Apparently missing the whole point of the measure, the committee report opined: “It is unclear at this point why this bill seeks to eliminate occupational licensing laws that promote and protect the public.” Well, the staff who wrote that sentence could have read the legislation or some of the reports its author cited for a clear rationale.

California has the nation’s highest poverty rates, according to a new U.S. Census Bureau standard that includes cost-of-living factors. A good starting place to address that problem is to chip away at unnecessary barriers to work. Trade groups, however, recognize that the best way to inflate their members’ pay is to raise the cost of entry for others – and the more fields regulated this way, the more it keeps poor people in the welfare lines.

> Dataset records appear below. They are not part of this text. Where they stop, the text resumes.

(* Let $\mathsf{KEM}_{\mathrm{eph}}$ be a $\delta_{\mathrm{eph}}$-correct key encapsulation mechanism and $\mathsf{KEM}_{\mathrm{stat}}$ a $\delta_{\mathrm{stat}}$-correct key encapsulation mechanism, and let $\Pi=(\mathsf{Init},\mathsf{SendM1},\mathsf{SendM2})$ be the authenticated key exchange protocol with QKD oracle described in the context, built from these KEMs, a key-derivation function $\mathsf{KDF}$ and two MACs $\mathsf{MAC}^{(qkd)},\mathsf{MAC}^{(pqc)}$. Then $\Pi$ is a $(\delta_{\mathrm{eph}}+2\delta_{\mathrm{stat}})$-correct AKE: for any two completed sessions $\mathit{sid}$ and $\mathit{sid}'$ of $\Pi$ that match each other and whose QKD key identifier has not been corrupted, $$\Pr[\text{session key of } \mathit{sid} \neq \text{session key of } \mathit{sid}'] \le \delta_{\mathrm{eph}}+2\delta_{\mathrm{stat}}.$$
   Context: A KEM is a triple $(\mathsf{KeyGen},\mathsf{Encaps},\mathsf{Decaps})$; it is $\delta$-correct if for $(pk,sk)\leftarrow\mathsf{KeyGen}()$ and $(c,k)\leftarrow\mathsf{Encaps}(pk)$ one has $\Pr[\mathsf{Decaps}(sk,c)\neq k]\le\delta$. Parties $i$ hold static key pairs $(pk_i,sk_i)$ of $\mathsf{KEM}_{\mathrm{stat}}$. QKD oracle: for each session $\mathit{sid}$ the protocol may call $\mathsf{QKD\text{-}GET\text{-}KEY}(\mathit{sid},\ell_{qkd})$, which returns a key identifier $\mathit{kid}$ and a key $k_{qkd}$ of length $\ell_{qkd}$, and $\mathsf{QKD\text{-}GET\text{-}KEY\text{-}WITH\text{-}ID}(\mathit{sid},\mathit{kid})$, which returns the key stored under $\mathit{kid}$ for the corresponding peer, or $\bot$. A key identifier is ''corrupted'' if the adversary has overridden the key stored under it; for an uncorrupted identifier both calls give the same key. Protocol $\Pi$ (destructuring assignments mean: parse, and abort the session on wrong format; $(x\|y):=k$ splits $k$ so that $x$ has the length of a MAC key and $y$ is the rest): $\mathsf{Combine}(i_I,i_R,t,k_{qkd},k_{pqc})$: $(k_{qkd,m}\|k_{qkd,s}):=k_{qkd}$; $(k_{pqc,m}\|k_{pqc,s}):=k_{pqc}$; $k_{sess}:=k_{qkd,s}\oplus k_{pqc,s}$; $\tau_1:=\mathsf{MAC}^{(qkd)}_{k_{qkd,m}}((t,i_I,i_R))$; $\tau_2:=\mathsf{MAC}^{(pqc)}_{k_{pqc,m}}((t,\tau_1,i_I,i_R))$; return $(k_{sess},\tau_1,\tau_2)$. $\mathsf{Init}(pk_j)$ (initiator, peer $j$): $(c_b,k_b)\leftarrow\mathsf{Encaps}_{\mathrm{stat}}(pk_j)$; $(pk_e,sk_e)\leftarrow\mathsf{KeyGen}_{\mathrm{eph}}()$; $m_1:=(c_b,pk_e)$; state $s:=(k_b,sk_e,m_1)$; output $(m_1,s)$. $\mathsf{SendM1}(i,sk_i,j,pk_j,m_1)$ (responder $i$, peer $j$, session $\mathit{sid}$): $(c_b,pk_e):=m_1$; $k_b':=\mathsf{Decaps}_{\mathrm{stat}}(sk_i,c_b)$; $(c_a,k_a)\leftarrow\mathsf{Encaps}_{\mathrm{stat}}(pk_j)$; $(c_e,k_e)\leftarrow\mathsf{Encaps}_{\mathrm{eph}}(pk_e)$; $k_{pqc}:=\mathsf{KDF}(k_b',k_a,k_e)$; $(\mathit{kid},k_{qkd})\leftarrow\mathsf{QKD\text{-}GET\text{-}KEY}(\mathit{sid},\ell_{qkd})$; $t:=(m_1,(c_a,c_e,\mathit{kid}))$; $(k_{sess},\tau_1,\tau_2):=\mathsf{Combine}(j,i,t,k_{qkd},k_{pqc})$; $m_2:=(c_a,c_e,\mathit{kid},\tau_1,\tau_2)$; output $(m_2,k_{sess})$. $\mathsf{SendM2}(i,sk_i,j,s,m_2)$ (initiator $i$, peer $j$, session $\mathit{sid}$): $(c_a,c_e,\mathit{kid},\tau_1',\tau_2'):=m_2$; $(k_b,sk_e,m_1):=s$; $k_a':=\mathsf{Decaps}_{\mathrm{stat}}(sk_i,c_a)$; $k_e':=\mathsf{Decaps}_{\mathrm{eph}}(sk_e,c_e)$; $k_{pqc}:=\mathsf{KDF}(k_b,k_a',k_e')$; $k_{qkd}:=\mathsf{QKD\text{-}GET\text{-}KEY\text{-}WITH\text{-}ID}(\mathit{sid},\mathit{kid})$, abort if $\bot$; $t:=(m_1,(c_a,c_e,\mathit{kid}))$; $(k_{sess},\tau_1,\tau_2):=\mathsf{Combine}(i,j,t,k_{qkd},k_{pqc})$; abort if $\tau_1\ne\tau_1'$ or $\tau_2\neq\tau_2'$; output $k_{sess}$. Two sessions match if they have opposite roles (one initiator, one responder), each one's owner is the other's peer, and they have the same transcript $(m_1,m_2)$. *)

From HB Require Import structures.
From mathcomp Require Import all_boot all_order all_algebra.
Set Implicit Arguments. Unset Strict Implicit. Unset Printing Implicit Defensive.
Import Order.TTheory GRing.Theory Num.Theory.
Local Open Scope ring_scope.

Definition pr (R : numFieldType) (T : finType) (E : pred T) : R :=
  #|[pred x | E x]|%:R / #|T|%:R.

(* A KEM whose probabilistic algorithms take uniform coins from finite types. *)
Record KEM := Kem {
  kem_pk : Type;
  kem_sk : Type;
  kem_ct : Type;
  kem_key : eqType;
  kem_kgcoins : finType;
  kem_enccoins : finType;
  KeyGen : kem_kgcoins -> kem_pk * kem_sk;
  Encaps : kem_pk -> kem_enccoins -> kem_ct * kem_key;
  Decaps : kem_sk -> kem_ct -> kem_key
}.

Definition kem_correct (R : numFieldType) (K : KEM) (delta : R) : Prop :=
  pr R [pred r : kem_kgcoins K * kem_enccoins K |
          let: (pk, sk) := KeyGen r.1 in
          let: (c, k) := Encaps pk r.2 in
          Decaps sk c != k] <= delta.

Definition bits := seq bool.
Definition xor_bits (a b : bits) : bits := [seq x.1 (+) x.2 | x <- zip a b].

Section Protocol.
Variables (Ks Ke : KEM) (I : Type) (Kid : Type) (Tag1 Tag2 : eqType).
(* lengths of the MAC keys of MAC^(qkd) and MAC^(pqc) *)
Variables (lq lp : nat).
Variable KDF : kem_key Ks -> kem_key Ks -> kem_key Ke -> bits.

Definition msg1 := (kem_ct Ks * kem_pk Ke)%type.
Definition transcript := (msg1 * (kem_ct Ks * kem_ct Ke * Kid))%type.
Definition msg2 := (kem_ct Ks * kem_ct Ke * Kid * Tag1 * Tag2)%type.
Definition init_state := (kem_key Ks * kem_sk Ke * msg1)%type.

Variable MACq : bits -> transcript * I * I -> Tag1.
Variable MACp : bits -> transcript * Tag1 * I * I -> Tag2.

Definition Combine (iI iR : I) (t : transcript) (kqkd kpqc : bits)
  : option (bits * Tag1 * Tag2) :=
  if (lq <= size kqkd)%N && (lp <= size kpqc)%N then
    let kqm := take lq kqkd in let kqs := drop lq kqkd in
    let kpm := take lp kpqc in let kps := drop lp kpqc in
    let ksess := xor_bits kqs kps in
    let tau1 := MACq kqm (t, iI, iR) in
    let tau2 := MACp kpm (t, tau1, iI, iR) in
    Some (ksess, tau1, tau2)
  else None.

Definition Init (pkj : kem_pk Ks) (r : kem_enccoins Ks * kem_kgcoins Ke)
  : msg1 * init_state :=
  let: (cb, kb) := Encaps pkj r.1 in
  let: (pke, ske) := KeyGen r.2 in
  let m1 := (cb, pke) in
  (m1, (kb, ske, m1)).

(* SendM1 by responder i with peer j; (kid, kqkd) is the output of
   QKD-GET-KEY(sid, l_qkd); coins for Encaps_stat and Encaps_eph. *)
Definition SendM1 (i : I) (ski : kem_sk Ks) (j : I) (pkj : kem_pk Ks)
  (m1 : msg1) (kid : Kid) (kqkd : bits)
  (r : kem_enccoins Ks * kem_enccoins Ke) : option (msg2 * bits) :=
  let: (cb, pke) := m1 in
  let kb' := Decaps ski cb in
  let: (ca, ka) := Encaps pkj r.1 in
  let: (ce, ke) := Encaps pke r.2 in
  let kpqc := KDF kb' ka ke in
  let t : transcript := (m1, (ca, ce, kid)) in
  match Combine j i t kqkd kpqc with
  | Some (ksess, tau1, tau2) => Some ((ca, ce, kid, tau1, tau2), ksess)
  | None => None
  end.

(* SendM2 by initiator i with peer j; qget models
   QKD-GET-KEY-WITH-ID(sid, .), None standing for bottom. *)
Definition SendM2 (i : I) (ski : kem_sk Ks) (j : I) (s : init_state)
  (m2 : msg2) (qget : Kid -> option bits) : option bits :=
  let: (ca, ce, kid, tau1', tau2') := m2 in
  let: (kb, ske, m1) := s in
  let ka' := Decaps ski ca in
  let ke' := Decaps ske ce in
  let kpqc := KDF kb ka' ke' in
  match qget kid with
  | None => None
  | Some kqkd =>
    let t : transcript := (m1, (ca, ce, kid)) in
    match Combine i j t kqkd kpqc with
    | Some (ksess, tau1, tau2) =>
        if (tau1 == tau1') && (tau2 == tau2') then Some ksess else None
    | None => None
    end
  end.

End Protocol.

(* The random coins of one honest run: static key-generation coins for every
   party, Init coins of the initiator, SendM1 coins of the responder. *)
Definition run_coins (Ks Ke : KEM) (I : finType) :=
  ({ffun I -> kem_kgcoins Ks} * (kem_enccoins Ks * kem_kgcoins Ke)
    * (kem_enccoins Ks * kem_enccoins Ke))%type.

(* Bad event for a pair of matching sessions (initiator i with peer j,
   responder j with peer i, same transcript (m1, m2)): both sessions complete
   and their session keys differ. *)
Definition keys_differ (Ks Ke : KEM) (I : finType) (Kid : Type)
  (Tag1 Tag2 : eqType) (lq lp : nat)
  (KDF : kem_key Ks -> kem_key Ks -> kem_key Ke -> bits)
  (MACq : bits -> transcript Ks Ke Kid * I * I -> Tag1)
  (MACp : bits -> transcript Ks Ke Kid * Tag1 * I * I -> Tag2)
  (kid : Kid) (kqkd : bits) (qget : Kid -> option bits)
  (i j : I) : pred (run_coins Ks Ke I) :=
  fun rc =>
    let: (rs, rI, rR) := rc in
    let pk p := (KeyGen (rs p)).1 in
    let sk p := (KeyGen (rs p)).2 in
    let: (m1, s) := Init (Ke:=Ke) (pk j) rI in
    match SendM1 lq lp KDF MACq MACp j (sk j) i (pk i) m1 kid kqkd rR with
    | None => false
    | Some (m2, kR) =>
      match SendM2 lq lp KDF MACq MACp i (sk i) j s m2 qget with
      | None => false
      | Some kI => kI != kR
      end
    end.

(* If the three decapsulations of an honest run (the responder's of c_b, the
   initiator's of c_a and of the ephemeral c_e) all succeed, both parties call
   Combine on the same transcript, QKD key and PQC key, so the initiator
   recomputes exactly the responder's tags and session key.  Each failure event
   depends on the coins of the run only through one (key-generation,
   encapsulation) coin pair, and the projection onto that pair has fibres of
   equal size, so it has at most the failure probability of the KEM; a union
   bound over the three events gives d_eph + 2 d_stat. *)

From mathcomp Require Import all_boot all_order all_algebra.
From mathcomp Require Import lra.
Import Order.TTheory GRing.Theory Num.Theory.

Definition balanced {T U : finType} (f : T -> U) (c : nat) : Prop :=
  forall u, #|[pred x | f x == u]| = c.

Lemma card_comp_balanced {T U : finType} {f : T -> U} {c} (E : pred U) :
  balanced f c -> #|[pred x | E (f x)]| = (c * #|[pred u | E u]|)%N.
Proof.
move=> bal_f; rewrite mulnC -sum_nat_const -sum1_card (partition_big f E) //=.
apply: eq_big => [u|u Eu]; first by rewrite inE.
rewrite -(bal_f u) -sum1_card; apply: eq_bigl => x.
by rewrite !inE andb_idl // => /eqP ->.
Qed.

Lemma balanced_comp {T U V : finType} {f : T -> U} {g : U -> V} {c d} :
  balanced f c -> balanced g d -> balanced (g \o f) (c * d).
Proof.
by move=> bal_f bal_g w; rewrite -(bal_g w); apply: card_comp_balanced.
Qed.

Lemma balanced_pair {T1 T2 U1 U2 : finType} {f : T1 -> U1} {g : T2 -> U2} {c d} :
  balanced f c -> balanced g d ->
  balanced (fun x : T1 * T2 => (f x.1, g x.2)) (c * d).
Proof.
move=> bal_f bal_g [u v]; rewrite -(bal_f u) -(bal_g v) -cardX.
by apply: eq_card => -[x y]; rewrite !inE xpair_eqE.
Qed.

Lemma balanced_fst {T U : finType} : balanced (@fst T U) #|U|.
Proof.
move=> t; rewrite -[#|U|]mul1n -(card1 t) -cardX.
by apply: eq_card => -[x y]; rewrite !inE andbT.
Qed.

Lemma balanced_snd {T U : finType} : balanced (@snd T U) #|T|.
Proof.
move=> u; rewrite -[#|T|]muln1 -(card1 u) -cardX.
by apply: eq_card => -[x y]; rewrite !inE.
Qed.

Lemma balanced_ffun_app {I K : finType} (j : I) :
  balanced (fun f : {ffun I -> K} => f j) (#|K| ^ #|I|.-1).
Proof.
move=> k; pose F x := if x == j then pred1 k else predT.
have -> : #|[pred f : {ffun I -> K} | f j == k]| = #|family F|.
  apply: eq_card => f; rewrite !inE; apply/eqP/familyP => [fj x|/(_ j)].
    by rewrite /F; case: eqP => [->|]; rewrite ?fj ?inE.
  by rewrite /F eqxx inE => /eqP.
rewrite card_family foldrE big_map big_enum (bigD1 j) //= /F eqxx card1 mul1n.
rewrite -(cardC1 j) -prod_nat_const; apply: eq_bigr => x /negbTE ->.
by rewrite cardT.
Qed.

Local Open Scope ring_scope.

Section Probability.
Variable R : realFieldType.

Lemma pr_le {T : finType} (A B : pred T) :
  (forall x, A x -> B x) -> pr R A <= pr R B.
Proof.
move=> AB; rewrite ler_wpM2r ?invr_ge0 // ler_nat.
by apply/subset_leq_card/subsetP => x; rewrite !inE => /AB.
Qed.

Lemma pr_orb_le {T : finType} (A B : pred T) :
  pr R [pred x | A x || B x] <= pr R A + pr R B.
Proof.
rewrite -mulrDl ler_wpM2r ?invr_ge0 // -natrD ler_nat -(cardUI A B).
apply: leq_trans (leq_addr _ _); apply/subset_leq_card/subsetP => x.
by rewrite !inE.
Qed.

(* Only an inequality: for empty T the left side is the junk value 0. *)
Lemma pr_comp_le {T U : finType} {f : T -> U} {c} (E : pred U) :
  balanced f c -> pr R (E \o f) <= pr R E.
Proof.
move=> bal_f; rewrite /pr (card_comp_balanced E bal_f).
have -> : #|T| = (c * #|U|)%N.
  by rewrite -(card_comp_balanced predT bal_f); apply: eq_card.
have [->|c_neq0] := eqVneq c 0%N; first by rewrite !mul0n mul0r divr_ge0.
by rewrite !natrM invfM mulrACA divff ?mul1r // pnatr_eq0.
Qed.

End Probability.

Definition decaps_fails (K : KEM) : pred (kem_kgcoins K * kem_enccoins K) :=
  fun r =>
    let: (pk, sk) := KeyGen r.1 in
    let: (c, k) := Encaps pk r.2 in
    Decaps sk c != k.

Section HonestRun.
Context {Ks Ke : KEM} {I : finType} {Kid : Type} {Tag1 Tag2 : eqType} {lq lp : nat}.
Context {KDF : kem_key Ks -> kem_key Ks -> kem_key Ke -> bits}.
Context {MACq : bits -> transcript Ks Ke Kid * I * I -> Tag1}.
Context {MACp : bits -> transcript Ks Ke Kid * Tag1 * I * I -> Tag2}.
Context {kid : Kid} {kqkd : bits} {qget : Kid -> option bits}.
Hypothesis kid_uncorrupted : qget kid = Some kqkd.

Lemma keys_differ_decaps_fails (i j : I) (rc : run_coins Ks Ke I) :
  keys_differ lq lp KDF MACq MACp kid kqkd qget i j rc ->
  [|| decaps_fails Ks (rc.1.1 j, rc.1.2.1), decaps_fails Ks (rc.1.1 i, rc.2.1)
    | decaps_fails Ke (rc.1.2.2, rc.2.2)].
Proof.
case: rc => [[rs [cb_coins ke_coins]] [ca_coins ce_coins]] /=.
rewrite /keys_differ /decaps_fails /Init /SendM1 /SendM2 /=.
case: (KeyGen (rs j)) => pkj skj; case: (KeyGen (rs i)) => pki ski /=.
case: (Encaps pkj cb_coins) => cb kb; case: (KeyGen ke_coins) => pke ske /=.
case: (Encaps pki ca_coins) => ca ka; case: (Encaps pke ce_coins) => ce ke /=.
apply: contraLR; rewrite !negb_or !negbK => /and3P[/eqP-> /eqP dec_a /eqP dec_e].
case combined: Combine => [[[ksess tau1] tau2]|] //=.
by rewrite dec_a dec_e kid_uncorrupted combined /= !eqxx /= eqxx.
Qed.

End HonestRun.

Theorem mainTheorem1 (R : realFieldType) (Ks Ke : KEM) (d_stat d_eph : R)
  (Hstat : kem_correct Ks d_stat) (Heph : kem_correct Ke d_eph)
  (I : finType) (Kid : Type) (Tag1 Tag2 : eqType) (lq lp : nat)
  (KDF : kem_key Ks -> kem_key Ks -> kem_key Ke -> bits)
  (MACq : bits -> transcript Ks Ke Kid * I * I -> Tag1)
  (MACp : bits -> transcript Ks Ke Kid * Tag1 * I * I -> Tag2)
  (kid : Kid) (kqkd : bits) (qget : Kid -> option bits)
  (Hkid_uncorrupted : qget kid = Some kqkd)
  (i j : I) :
  @pr R _ (keys_differ lq lp KDF MACq MACp kid kqkd qget i j)
    <= d_eph + 2 * d_stat.
Proof.
pose fail_b := decaps_fails Ks \o fun rc : run_coins Ks Ke I => (rc.1.1 j, rc.1.2.1).
pose fail_a := decaps_fails Ks \o fun rc : run_coins Ks Ke I => (rc.1.1 i, rc.2.1).
pose fail_e := decaps_fails Ke \o fun rc : run_coins Ks Ke I => (rc.1.2.2, rc.2.2).
have pr_b : pr R fail_b <= d_stat := le_trans (pr_comp_le R _
  (balanced_comp balanced_fst (balanced_pair (balanced_ffun_app j) balanced_fst))) Hstat.
have pr_a : pr R fail_a <= d_stat := le_trans (pr_comp_le R _
  (balanced_pair (balanced_comp balanced_fst (balanced_ffun_app i)) balanced_fst)) Hstat.
have pr_e : pr R fail_e <= d_eph := le_trans (pr_comp_le R _
  (balanced_pair (balanced_comp balanced_snd balanced_snd) balanced_snd)) Heph.
have pr_ae := pr_orb_le R fail_a fail_e.
have pr_bae := pr_orb_le R fail_b [pred rc | fail_a rc || fail_e rc].
apply: le_trans (pr_le R _ _ (keys_differ_decaps_fails Hkid_uncorrupted i j)) _.
apply: le_trans pr_bae _; lra.
Qed.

“One out of every five Californians must receive permission from the government to work,” explained a 2016 report from the state’s official watchdog agency, the Little Hoover Commission. “What once was a tool for consumer protection, particularly in the healing arts professions, is now a vehicle to promote a multitude of other goals. These include professionalism of occupations, standardization of services, a guarantee of quality and a means of limiting competition among practitioners, among others.”

Consider the freedom issue there too. We need to ask the government for permission to work?

The Little Hoover study found that the laws succeeded mainly in keeping “Californians from working, particularly harder-to-employ groups such as former offenders and those trained or educated outside of California, including veterans, military spouses and foreign-trained workers.” The problem is particularly acute for ex-offenders who often are barred from entering a variety of fairly low-skill professions by licensing rules that forbid them from entering the market.

Such concerns prompted even the Democratic Obama administration to call for far-reaching licensing reforms, yet California’s Democrats don’t even seem to understand the point of such efforts. Or maybe they just won’t let themselves understand the argument, given their political alliances. At any rate, they should at least stop pretending to care about the poor if they can’t embrace simple, cost-free policies that get poor Californians working.